Degree grades: What is the difference between a Damien a Trevor and a Desmond?

 My last post addressed the programme name change while the week prior focused on ‘author.’ Today the student community is buzzing with talk of grades with a range of responses from relief and euphoria to dismay and puzzlement.  Let’s unite these topics and start as we mean to go on into the new term.  Many colleagues asked me to blog about Approaches to Text and concepts surrounding the author.  Approaches is also about how I express complex topics, how I think and communicate.  This brings me to the international and interdisciplinary nature of scholarship which leads to the marking system.

 Goldsmiths’ Department of English and Comparative Literature sets a professional standard for analysis, comprehension and expression common to great universities. This Yale and academicearth site (http://academicearth.org/courses/milton)  has sample exam papers for their Milton course. They are very much like our exams.  Cambridge examines one time every two or three years; friends who graduated from Oxford advise writing a minimum of three finished papers every week. I can see our method of examination is pegged to a high, establish international academic standard for English studies.

 At the dawn of English studies a Cambridge don remarked that since taste and opinion can not be measured or evaluated a structure of academic criteria is required.  Goldsmiths’ structure requires mastering a professional vocabulary and mode of expression as I engage with some of the most passionate, complex and subtle expressions of human experience. Engaging with the texts is the easy part; expressing my understanding of these texts and professional concepts is central to academic standards and achievement and my goals. 

 My goal in this degree is developing structure and organization in my creative story telling.  What I want from this program is in line with its academic standards; the skills to present a structured, specific argument concisely and efficiently.  My marks have been consistently credit scores even coming to the program with a background in fine art and oenology.   Things generally come easily to me but art and expression is highly disciplined and focused.  I am shaping personal artistic and intellectual standards along with academic ones. To me that is an education.

  Talking of art and education, since we are students of the English language and colleagues expressed confusion about the marking system, you might appreciate this rhyme slang: a ‘Damien’ (Hirst) is a first, a Trevor (Nunn) is a 2:1 or upper second, a ‘Desmond’ (TuTu) is a 2:2 or lower second followed by a ‘Douglas’ (Hurd) and the unfortunately rhyming ‘Dan Quayle.’ 

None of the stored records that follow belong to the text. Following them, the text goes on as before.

Lemma exists_entry_lb n (Ms : list (mat n)) : exists e : R, [/\ 0 < e, e <= 1 &
  forall M, List.In M Ms -> forall i j, 0 < M i j -> e <= M i j].
Proof.
have [e [he he1 hl]] := exists_pos_lb
  (List.flat_map (fun M : mat n => List.map (fun p : 'I_n * 'I_n => M p.1 p.2)
     (enum {: 'I_n * 'I_n})) Ms).
exists e; split => // M hM i j hij; apply: hl => //.
apply/List.in_flat_map; exists M; split => //.
apply: (List.in_map (fun p : 'I_n * 'I_n => M p.1 p.2) _ (i, j)).
by apply: In_mem; rewrite mem_enum.
Qed.

Section BoundedGaps.
Variables (n : nat) (P : nat -> mat n) (e : R) (j : nat -> nat) (T : nat).
Hypotheses (hPW : forall t, (0 < t)%N -> inW (P t)) (he : 0 < e) (he1 : e <= 1)
  (hPe : forall t, (0 < t)%N -> forall i k, 0 < P t i k -> e <= P t i k)
  (hjinc : forall r, (0 < r)%N -> (j r < j r.+1)%N)
  (hsar : forall r, (0 < r)%N -> sarymsakov (P (j r)))
  (hT : forall r, (0 < r)%N -> (j r.+1 - j r <= T)%N).

Local Notation L := (T * n.-1)%N.
Local Notation rho := (1 - (e ^+ L) ^+ 2).

Lemma stochastic_shift a t : (0 < t)%N -> stochastic (P (a + t)%N).
Proof. by move=> ht; case: (hPW (ltn_addl a ht)). Qed.

Lemma window_expands a : (j 1 <= a)%N -> expands 1 (lprod (fun t => P (a + t)%N) T).
Proof.
move=> ha; have [r r0 /andP[jr ajr]] := increasing_bracket hjinc ha.
have gap := hT r0.
pose w t := nat_of_bool (a + t == j r.+1)%N.
apply: (@expands_le _ (\sum_(1 <= t < T.+1) w t)%N).
  have t0_in : ((j r.+1 - a)%N \in index_iota 1 T.+1) by rewrite mem_index_iota; lia.
  rewrite (bigD1_seq _ t0_in (iota_uniq _ _)) /w subnKC ?eqxx //; exact: ltnW.
apply: lprod_expands => t ht; first exact: stochastic_shift.
rewrite /w; case: eqP => [->|_].
  by apply: sarymsakov_expands1; exact: hsar.
by apply: inW_expands0; apply: hPW; exact: ltn_addl.
Qed.

Lemma windows_expand q a : (j 1 <= a)%N ->
  expands q (lprod (fun t => P (a + t)%N) (T * q)).
Proof.
elim: q a => [|q IH] a ha; first by rewrite muln0; exact: expands_idm.
rewrite mulnS addnC lprodD /=.
have -> : (fun t => P (a + (T * q + t))%N) = (fun t => P (a + T * q + t)%N).
  by apply: functional_extensionality => t; rewrite addnA.
rewrite -add1n; apply: expands_mmul.
- exact: stochastic_lprod (stochastic_shift (a + T * q)) _.
- exact: stochastic_lprod (stochastic_shift a) _.
- by apply: window_expands; exact: leq_trans ha (leq_addr _ _).
- exact: IH.
Qed.

Lemma window_scrambling a i i' : (j 1 <= a)%N ->
  exists k, e ^+ L <= lprod (fun t => P (a + t)%N) L i k /\
            e ^+ L <= lprod (fun t => P (a + t)%N) L i' k.
Proof.
move=> ha; have hstoch := stochastic_lprod (stochastic_shift a) L.
have [k [hik hi'k]] := expands_scrambling hstoch (windows_expand n.-1 ha) i i'.
have hPe_shift t : (0 < t)%N -> forall i k, 0 < P (a + t)%N i k -> e <= P (a + t)%N i k.
  by move=> ht; apply: hPe; exact: ltn_addl.
by exists k; split; apply: lprod_ge_expn (stochastic_shift a) _ (ltW he) hPe_shift _ _ _ _.
Qed.

Lemma osc_cols_lprod_window a d : (j 1 <= a)%N -> osc_cols_le (lprod P a) d ->
  osc_cols_le (lprod P (a + L)) (rho * d).
Proof.
move=> ha hd; rewrite lprodD; apply: osc_cols_le_mmul_contract => //.
- exact: stochastic_lprod (stochastic_shift a) L.
- exact: exprn_ge0 (ltW he).
- by move=> i i'; exact: window_scrambling.
Qed.

Lemma osc_cols_lprod_geometric q k : (j 1 + q * L <= k)%N ->
  osc_cols_le (lprod P k) (rho ^+ q).
Proof.
move=> hk; rewrite -(subnKC hk) lprodD.
apply: osc_cols_le_mmul; first exact: stochastic_lprod (stochastic_shift _) _.
elim: q {hk} => [|q IH].
  by rewrite mul0n addn0 expr0; apply: stochastic_osc_cols_le1;
    exact: stochastic_lprod (stochastic_shift 0) _.
rewrite mulSn addnCA addnC exprS; apply: osc_cols_lprod_window => //.
exact: leq_addr.
Qed.

Lemma lprod_cauchy eps : 0 < eps -> exists N, forall k k' i i' jj,
  (N <= k)%N -> (N <= k')%N -> `|lprod P k i jj - lprod P k' i' jj| < eps.
Proof.
move=> heps; have hg : 0 < e ^+ L by exact: exprn_gt0.
have hg1 : e ^+ L <= 1 by apply: exprn_ile1 => //; exact: ltW.
have hg2 : 0 < (e ^+ L) ^+ 2 by exact: exprn_gt0.
have hg21 : (e ^+ L) ^+ 2 <= 1 by exact: exprn_ile1 (ltW hg) hg1.
have [q hq] : exists q, rho ^+ q < eps / 2 by apply: exists_expr_lt; lra.
exists (j 1 + q * L)%N => k k' i i' jj hk hk'.
wlog hkk' : k k' i i' hk hk' / (k <= k')%N.
  move=> hwlog; case/orP: (leq_total k k') => ?; first exact: hwlog.
  by rewrite distrC; exact: hwlog.
have rows := osc_cols_le_norm jj i i' (osc_cols_lprod_geometric hk).
have later : `|lprod P k' i' jj - lprod P k i' jj| <= rho ^+ q.
  rewrite -(subnKC hkk') lprodD; apply: mmul_near.
    exact: stochastic_lprod (stochastic_shift _) _.
  exact: osc_cols_lprod_geometric.
rewrite distrC in later; have := ler_distD (lprod P k i' jj) (lprod P k i jj) (lprod P k' i' jj).
lra.
Qed.

End BoundedGaps.

Local Close Scope ring_scope.

Theorem corollary1 (n : nat) (Hn : 0 < n)
  (Pset : list (mat n)) (HPset : forall M, List.In M Pset -> inW M)
  (Pseq : nat -> mat n) (HPseq : forall k, 1 <= k -> List.In (Pseq k) Pset)
  (j : nat -> nat) (Hj1 : 1 <= j 1)
  (Hjinc : forall r, 1 <= r -> j r < j r.+1)
  (Hsar : forall r, 1 <= r -> sarymsakov (Pseq (j r)))
  (T : nat) (HT : forall r, 1 <= r -> j r.+1 - j r <= T) :
  exists c : 'I_n -> R,
    (forall i, Rle R0 (c i)) /\ rsum c = R1 /\
    (forall i i', Un_cv (fun k => lprod Pseq k i i') (c i')).
Proof.
have [e [he he1 hPset_lb]] := exists_entry_lb Pset.
have hW t : 0 < t -> inW (Pseq t) by move=> ht; exact/HPset/HPseq.
have hPe t : 0 < t -> forall i k, (0 < Pseq t i k)%R -> (e <= Pseq t i k)%R.
  by move=> ht; apply: hPset_lb; exact: HPseq.
have [c hc] := uniform_cauchy_cv (Ordinal Hn) (lprod_cauchy hW he he1 hPe Hjinc Hsar HT).
have [c_ge0 c_sum1] := stochastic_cv_limit (stochastic_lprod (stochastic_shift hW 0))
  (hc (Ordinal Hn)).
by exists c; split=> [i|]; [apply/RleP|split].
Qed.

 This year I scored a Trevor.  For me the difference between a Damien and a Trevor means restructuring my habits and methods.  After thinking over the last three years of study I see what fundamental changes in how I think, organize and work a Damien requires.  Ironically I first studied art in a conservatory with Keith Haring. I am now in the same institution that nurtured Damien Hirst.  Though I come into the advanced course work with Trevor Nunn, I intend to graduate with Damien Hirst.